Date of Award

2-2-2024

Document Type

Thesis

School

School of Electrical & Electroncis Engineering

First Advisor

Dr.A.Srinivasan

Keywords

Diabetic Retinopathy, Image Processing, Convolutional Neural Network, Biological Sensor Network Model, Electro Retino Gram Signal

Abstract

Diabetes is a disorder that arises when blood sugar level increases. Insufficient secretion of insulin hormone is the ground for the evolution of diabetes, and it affects most of the critical organs in our body. Diabetes causes leakage of blood in the retinal blood vessels, inducing an eye disease, Diabetic Retinopathy (DR). The visual identification of micro features in fundus images makes the clinicians complex and challenging tasks. Therefore, timely diagnosis and proper treatment can prevent eye blindness. This research is proposed to identify and classify diabetic retinopathy using an Image Processing technique, Deep Convolutional Neural Network (DCNN), Biological Sensor Network Model (BSN), and the integrated method. Finally, the performances of all approaches are compared.

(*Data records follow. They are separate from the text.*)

Lemma step_contraction u v E : (forall l x, 0 <= u l x) -> (forall l x, 0 <= v l x) ->
  0 <= E -> excess_close E u v -> excess_close (theta * E) (step u) (step v).
Proof.
move=> u0 v0 E0 uv l x; case: (asboolP (bnd x)) => [bx|nbx].
  rewrite weight_boundary // mulr0 /field_excess.
  suff -> : (fun p => step u p x) = (fun p => step v p x) by rewrite subrr normr0.
  by apply/funext => p; rewrite /step /update; case: asboolP.
pose A w p := mean_val e (field_excess w p) x.
have step_int w p : step w p x = local_sol p x (A w p) by rewrite /step /update; case: asboolP.
have step_le w p : 0 < step w p x -> step w p x <= A w p by rewrite step_int; exact: local_sol_le.
have step_lip p : `|step u p x - step v p x| <= `|A u p - A v p|.
  by rewrite !step_int local_sol_lipschitz.
have A_pair w : (forall l x, 0 <= w l x) -> forall p q, p != q -> A w p + A w q <= 0.
  move=> w0 p q pq; rewrite /A !mean_field_excess excess_pair_le0 // => k.
  exact: mean_val_ge0.
have [k le_k] := excess_dist_le _ _ _ _ l (fun p => update_ge0 _ p x)
  (fun p => update_ge0 _ p x) (step_le u) (step_le v) (A_pair u u0) (A_pair v v0) step_lip.
by apply: le_trans le_k _; rewrite /A -mean_valB mean_val_weight_le.
Qed.

Lemma iter_step_ge0 n u l x : (forall l x, 0 <= u l x) -> 0 <= iter n step u l x.
Proof. by case: n => [|n] u0; [exact: u0 | exact: update_ge0]. Qed.

Lemma iter_step_close n {u v E} : (forall l x, 0 <= u l x) -> (forall l x, 0 <= v l x) ->
  0 <= E -> excess_close E u v -> excess_close (theta ^+ n * E) (iter n step u) (iter n step v).
Proof.
move=> u0 v0 E0 uv; elim: n => [|n IH]; first by rewrite expr0 mul1r.
rewrite exprS -mulrA; apply: step_contraction => // [l x|l x|]; try exact: iter_step_ge0.
by rewrite mulr_ge0 ?exprn_ge0 ?theta_ge0.
Qed.

Lemma solution_unique u v : is_solution u -> is_solution v -> u = v.
Proof.
move=> /is_solution_step fu /is_solution_step fv.
have u0 l x : 0 <= u l x by rewrite fu update_ge0.
have v0 l x : 0 <= v l x by rewrite fv update_ge0.
have [E E0 uv] : exists2 E, 0 <= E & excess_close E u v.
  by apply: excess_close_exists => l x bx; rewrite fu fv /step /update; case: asboolP.
have iter_fix w n : w = step w -> iter n step w = w by move=> fw; elim: n => //= n ->.
have same l x : field_excess u l x = field_excess v l x.
  apply/eqP; rewrite -subr_eq0 -normr_le0.
  apply: (@le0_geometric _ _ (E * weight x) theta) => [||n].
  - by rewrite theta_ge0 theta_lt1.
  - by rewrite mulr_ge0 ?weight_ge0.
  - by have := iter_step_close n u0 v0 E0 uv l x; rewrite !iter_fix //; lra.
rewrite fu fv /step; congr update; apply/funext => l; apply/funext => x; exact: same.
Qed.

Lemma excess_limit_fixpoint {us : nat -> 'I_m -> V -> R} {S c} : 0 <= c ->
  (forall n, us n.+1 = step (us n)) ->
  (forall l x n, `|field_excess (us n) l x - S l x| <= c * theta ^+ n) ->
  forall l x, field_excess (update S) l x = S l x.
Proof.
move=> c0 us_step SP l x; apply/eqP; rewrite -subr_eq0 -normr_le0.
have update_close n p : `|update S p x - us n.+1 p x| <= c * theta ^+ n.
  by rewrite us_step; apply: update_lipschitz => y; rewrite distrC.
apply: (@le0_geometric _ _ (m%:R * c + c) theta) => [||n].
- by rewrite theta_ge0 theta_lt1.
- by rewrite addr_ge0 // mulr_ge0 // ler0n.
apply: le_trans (ler_distD (field_excess (us n.+1) l x) _ _) _.
have := excess_lipschitz _ _ _ l (fun p => update_close n p).
have : c * theta ^+ n.+1 <= c * theta ^+ n.
  by apply: ler_wpM2l => //; rewrite exprS ler_piMl ?exprn_ge0 ?theta_ge0 // ltW ?theta_lt1.
by have := SP l x n.+1; rewrite /field_excess; lra.
Qed.

Lemma solution_exists : exists u, is_solution u.
Proof.
pose us n := iter n step (step (fun _ _ => 0)).
have us0 n l x : 0 <= us n l x by apply: iter_step_ge0 => *; exact: update_ge0.
have [E E0 close01] : exists2 E, 0 <= E & excess_close E (us 1%N) (us 0%N).
  by apply: excess_close_exists => l x bx; rewrite /us /= /step /update; case: asboolP.
have gap n l x : `|field_excess (us n.+1) l x - field_excess (us n) l x| <= E * theta ^+ n.
  have := iter_step_close n (us0 1%N) (us0 0%N) E0 close01 l x.
  rewrite -iterSr => /le_trans; apply; rewrite (mulrC E) ler_piMr ?weight_le1 //.
  by rewrite mulr_ge0 ?exprn_ge0 ?theta_ge0.
have theta01 : 0 <= theta < 1 by rewrite theta_ge0 theta_lt1.
have [S SP] := geometric_limit2 theta01 E0 gap.
have c0 : 0 <= E / (1 - theta) by rewrite divr_ge0 // subr_ge0 ltW ?theta_lt1.
have fix_S := excess_limit_fixpoint c0 (fun n => erefl) SP.
exists (update S); apply/is_solution_step; rewrite /step; congr update.
by apply/funext => l; apply/funext => x; rewrite fix_S.
Qed.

In the image processing technique, the workflow pre-processes the fundus images. Pre-processing comprises green channel extraction, wiener filtering, and contrast enhancement. Subsequently, the morphological operation is performed on the pre-processed image to extract retinal blood vessels. Graph cut image segmentation is performed to the resultant image to detect lesions, namely microaneurysms, hemorrhages, and exudates. From the segmented image, various features like statistical (Mean, Variance, and Standard Deviation), texture (GLDM), and Histogram of Oriented Gradients (HOG) features are extracted. Further, Cascaded Rotation Forest (CRF) classifier is trained with the extracted features. During the testing stage, the classifier detects the lesion and the severity level of diabetic retinopathy. Accuracy, sensitivity, and specificity are 98.00%, 96.00%, and 98.66%.

A deep convolutional neural network consists of many layers to facilitate extracting features and classifying fundus images into normal images, early-stage DR images (Non-Proliferative Diabetic Retinopathy), and advanced-stage DR images (Proliferative Diabetic Retinopathy). Furthermore, it classifies NPDR according to microaneurysms, hemorrhages, cotton wool spots, and exudates, and the presence of new blood vessels indicates PDR. The accuracy, sensitivity, and specificity of this approach are 98.88%, 96.66%, and 99.32%, respectively. The biological sensor model uses Electroretinogram signals (ERG) and the signal processing algorithm to detect diabetic retinopathy.

The workflow consists of pre-processing the recorded one-dimensional electroretinogram signals to remove noises. Fast Fourier Transform (FFT) extracts spectral information of signals. Then, Mel Frequency Cepstral Coefficients (MFCC) features are extorted. These features train the Support Vector Machine (SVM) classifier. During the testing stage, extraction of MFCC features is done for signal under testing. The classifier will predict and classify the input ERG signal from the extracted features into normal and diabetic retinopathy. The accuracy, sensitivity, and specificity of this approach are 98.50%, 97.00%, and 100%, respectively.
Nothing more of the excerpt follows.